Records for this exercise -
Lemma x2sumD N c c' : x2sum N (fun l => c l + c' l) = x2sum N c + x2sum N c'.
Proof. by rewrite /x2sum -big_split; apply: eq_bigr => i _; rewrite mulrDl. Qed.

Lemma x2sumB N c c' : x2sum N (fun l => c l - c' l) = x2sum N c - x2sum N c'.
Proof. by rewrite /x2sum -sumrB; apply: eq_bigr => i _; rewrite mulrBl. Qed.

Lemma x2sum0 N : x2sum N (fun _ => 0) = 0.
Proof. by rewrite /x2sum big1 // => i _; rewrite mul0r. Qed.

Lemma x2sum_single N (b : int) (a : K) : (absz b <= N)%N ->
  x2sum N (fun l => if l == b then a else 0) = a * x2 ^ b.
Proof.
move=> hb; have hi0 : (absz (b + N%:Z)%R < (2 * N).+1)%N by lia.
rewrite /x2sum (bigD1 (Ordinal hi0)) //= big1 ?addr0.
  have -> : (absz (b + N%:Z)%R)%:Z = b + N%:Z by lia.
  by rewrite addrK eqxx.
move=> i hi; case: eqP => [h|]; last by rewrite mul0r.
by case/eqP: hi; apply: val_inj => /=; lia.
Qed.

(* Uniqueness of x2-expansions with coefficients in C(x1): multiply by x2^N
   and apply the independence of the powers of x2. *)
Lemma x2sum_inj N c c' : (forall l, x1rat (c l)) -> (forall l, x1rat (c' l)) ->
  x2sum N c = x2sum N c' -> forall l : int, (absz l <= N)%N -> c l = c' l.
Proof.
move=> hc hc' /eqP; rewrite -subr_eq0 -x2sumB => /eqP h0 l hl.
pose a i := c (i%:Z - N%:Z) - c' (i%:Z - N%:Z).
have hsum : \sum_(i < (2 * N).+1) a i * x2 ^+ i = x2 ^+ N * x2sum N (fun l => c l - c' l).
  rewrite /x2sum mulr_sumr; apply: eq_bigr => i _; rewrite mulrCA; congr (_ * _).
  by rewrite -[x2 ^+ N]/(x2 ^ N%:Z) -expfzDr ?x2_neq0 // addrC subrK.
rewrite h0 mulr0 in hsum.
have := @x2_powers_free _ a _ hsum (absz (l + N%:Z)%R) _.
have e0 : (absz (l + N%:Z)%R)%:Z = l + N%:Z by lia.
rewrite /a e0 addrK => h; apply/eqP; rewrite -subr_eq0; apply/eqP; apply: h.
  by move=> i _; apply: x1ratD => //; apply: x1ratN.
lia.
Qed.

Definition emb (q : {poly algC}) : K := tof q%:P.
HB.instance Definition _ := GRing.RMorphism.copy emb (tof \o polyC).

Definition ev2 (y : K) (p : PP) : K := (map_poly emb p).[y].

Lemma ev2D y p q : ev2 y (p + q) = ev2 y p + ev2 y q.
Proof. by rewrite /ev2 rmorphD hornerD. Qed.

Lemma ev2M y p q : ev2 y (p * q) = ev2 y p * ev2 y q.
Proof. by rewrite /ev2 rmorphM hornerM. Qed.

Try it - Would you copy out exactly the lines above that start at the one containing "have -> : (absz" and end at the one containing "Proof. by rewrite /ev2 rmorphD hornerD. Qed.", inclusive?

Exercise result -
  have -> : (absz (b + N%:Z)%R)%:Z = b + N%:Z by lia.
  by rewrite addrK eqxx.
move=> i hi; case: eqP => [h|]; last by rewrite mul0r.
by case/eqP: hi; apply: val_inj => /=; lia.
Qed.

(* Uniqueness of x2-expansions with coefficients in C(x1): multiply by x2^N
   and apply the independence of the powers of x2. *)
Lemma x2sum_inj N c c' : (forall l, x1rat (c l)) -> (forall l, x1rat (c' l)) ->
  x2sum N c = x2sum N c' -> forall l : int, (absz l <= N)%N -> c l = c' l.
Proof.
move=> hc hc' /eqP; rewrite -subr_eq0 -x2sumB => /eqP h0 l hl.
pose a i := c (i%:Z - N%:Z) - c' (i%:Z - N%:Z).
have hsum : \sum_(i < (2 * N).+1) a i * x2 ^+ i = x2 ^+ N * x2sum N (fun l => c l - c' l).
  rewrite /x2sum mulr_sumr; apply: eq_bigr => i _; rewrite mulrCA; congr (_ * _).
  by rewrite -[x2 ^+ N]/(x2 ^ N%:Z) -expfzDr ?x2_neq0 // addrC subrK.
rewrite h0 mulr0 in hsum.
have := @x2_powers_free _ a _ hsum (absz (l + N%:Z)%R) _.
have e0 : (absz (l + N%:Z)%R)%:Z = l + N%:Z by lia.
rewrite /a e0 addrK => h; apply/eqP; rewrite -subr_eq0; apply/eqP; apply: h.
  by move=> i _; apply: x1ratD => //; apply: x1ratN.
lia.
Qed.

Definition emb (q : {poly algC}) : K := tof q%:P.
HB.instance Definition _ := GRing.RMorphism.copy emb (tof \o polyC).

Definition ev2 (y : K) (p : PP) : K := (map_poly emb p).[y].

Lemma ev2D y p q : ev2 y (p + q) = ev2 y p + ev2 y q.
Proof. by rewrite /ev2 rmorphD hornerD. Qed.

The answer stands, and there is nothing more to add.